- **WHAT YOU WILL DO**
Pull each line containing "case" out of the data and copy it.
_____
Lemma index_iota0 j k : j < k -> index j (iota 0 k) = j.
Proof.
by move=> j_lt; rewrite -{1}(add0n j) -(nth_iota 0 0 j_lt) index_uniq ?size_iota ?iota_uniq.
Qed.

Lemma sumn_nth s n : size s <= n -> sumn s = \sum_(r < n) nth 0 s r.
Proof.
elim: s n => [|x s IHs] [|n] //= size_le; first by rewrite big_ord0.
  by rewrite big1 // => r; rewrite nth_nil.
by rewrite big_ord_recl (IHs n).
Qed.

Lemma sorted_geq_nth_count (s : seq nat) r x : sorted geq s -> r < size s ->
  (x <= nth 0 s r) = (r < count (fun y => x <= y) s).
Proof.
elim: s r => [|a s IHs] r //=; rewrite (path_sortedE geq_trans) => /andP[a_ge s_sorted].
have [x_le_a|a_lt_x] := leqP x a.
  by case: r => [|r] //=; rewrite ltnS => r_lt; rewrite IHs // add1n ltnS.
have count0 : count (fun y => x <= y) s = 0.
  apply/eqP; rewrite -leqn0 leqNgt -has_count; apply/hasPn => y /(allP a_ge) y_le_a.
  by rewrite -ltnNge (leq_ltn_trans y_le_a a_lt_x).
case: r => [|r] /=; rewrite count0; first by rewrite [x <= a]leqNgt a_lt_x.
by rewrite ltnS => r_lt; rewrite IHs // count0.
Qed.

Lemma perm_flatten_filter_eq (T : eqType) (g : T -> nat) (s : seq T) k :
  perm_eq (flatten [seq filter (fun x => g x == r) s | r <- iota 0 k])
          (filter (fun x => g x < k) s).
Proof.
elim: k => [|k IHk]; first by rewrite /= (eq_filter (a2 := pred0)) ?filter_pred0.
rewrite iota_rcons map_rcons flatten_rcons (perm_catr _ IHk) add0n.
rewrite perm_sym -(perm_filterC (fun x => g x < k)) -!filter_predI.
have perm_eq_filter a1 a2 : a1 =1 a2 -> perm_eq (filter a1 s) (filter a2 s).
  by move=> eq_a; rewrite (eq_filter eq_a).
by apply: perm_cat; apply: perm_eq_filter => x /=; lia.
Qed.

Lemma nth_filter_iota_lt (P Q : pred nat) m N :
  (forall i, Q i -> ~~ P i) ->
  (forall n, n <= N -> count Q (iota m n) <= count P (iota m n)) ->
  forall c, c < count Q (iota m N) ->
  nth 0 (filter P (iota m N)) c < nth 0 (filter Q (iota m N)) c.
Proof.
move=> QnP; elim: N => [|N IHN] ballot c //.
have {}IHN := IHN (fun n n_le => ballot n (leqW n_le)).
have := ballot N.+1 (leqnn _); have := ballot N (leqnSn _).
rewrite iota_rcons !count_rcons !filter_rcons.
have P_lt d : d < count P (iota m N) -> nth 0 (filter P (iota m N)) d < m + N.
  move=> d_lt; have : nth 0 (filter P (iota m N)) d \in filter P (iota m N).
    by rewrite mem_nth // size_filter.
  by rewrite mem_filter mem_iota => /and3P[].
case QN: (Q (m + N)); last first.
  rewrite addn0 => ballotN _ c_lt; case: (P (m + N)); last exact: IHN.
  by rewrite nth_rcons size_filter ifT ?IHN //; lia.
rewrite (negbTE (QnP _ QN)) /= addn0 => ballotN ballotN1 c_lt.
rewrite nth_rcons size_filter.
case: (ltnP c (count Q (iota m N))) => [c_ltQ|c_geQ]; first exact: IHN.
have -> : c = count Q (iota m N) by lia.
by rewrite eqxx P_lt //; lia.
Qed.

Lemma set_to_comp_rcons n m D : 0 < n ->
  set_to_comp (n + m) (rcons D n) = rcons (set_to_comp n D) m.
Proof.
case: n => [|n] // _; rewrite addSn /set_to_comp -rcons_cons zip_rcons ?size_rcons //.
by rewrite map_rcons /= -addSn addKn.
Qed.

Fixpoint decr_word (f : nat -> nat) (K : nat) : seq nat :=
  if K is K'.+1 then nseq (f K') K' ++ decr_word f K' else [::].

Lemma count_decr_word f K r : count_mem r (decr_word f K) = if r < K then f r else 0.
Proof.
elim: K => [|K IHK] //=; rewrite count_cat count_nseq IHK /= eq_sym ltnS.
by case: (ltngtP r K) => [_|_|->]; rewrite ?mul0n ?mul1n ?addn0.
Qed.

Lemma size_decr_word f K : size (decr_word f K) = \sum_(r < K) f r.
Proof.
by elim: K => [|K IHK]; rewrite ?big_ord0 // big_ord_recr /= size_cat size_nseq IHK addnC.
Qed.

Lemma decr_word_path f K x : K <= x.+1 -> path geq x (decr_word f K).
Proof.
elim: K x => [|K IHK] x //= K_lt.
elim: (f K) x K_lt => [|n IHn] x /= K_lt; first exact/IHK/ltnW.
by rewrite -ltnS K_lt /= IHn.
Qed.

Lemma decr_word_sorted f K : sorted geq (decr_word f K).
Proof. exact: path_sorted (decr_word_path f (leqnSn K)). Qed.

(** * Tableaux of lattice words *)

Definition lattice_word (w : seq nat) : Prop :=
  forall n r, count_mem r.+1 (take n w) <= count_mem r (take n w).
_____
- **ANSWER SECTION**
  by case: r => [|r] //=; rewrite ltnS => r_lt; rewrite IHs // add1n ltnS.
case: r => [|r] /=; rewrite count0; first by rewrite [x <= a]leqNgt a_lt_x.
case QN: (Q (m + N)); last first.
  rewrite addn0 => ballotN _ c_lt; case: (P (m + N)); last exact: IHN.
case: (ltnP c (count Q (iota m N))) => [c_ltQ|c_geQ]; first exact: IHN.
case: n => [|n] // _; rewrite addSn /set_to_comp -rcons_cons zip_rcons ?size_rcons //.
by case: (ltngtP r K) => [_|_|->]; rewrite ?mul0n ?mul1n ?addn0.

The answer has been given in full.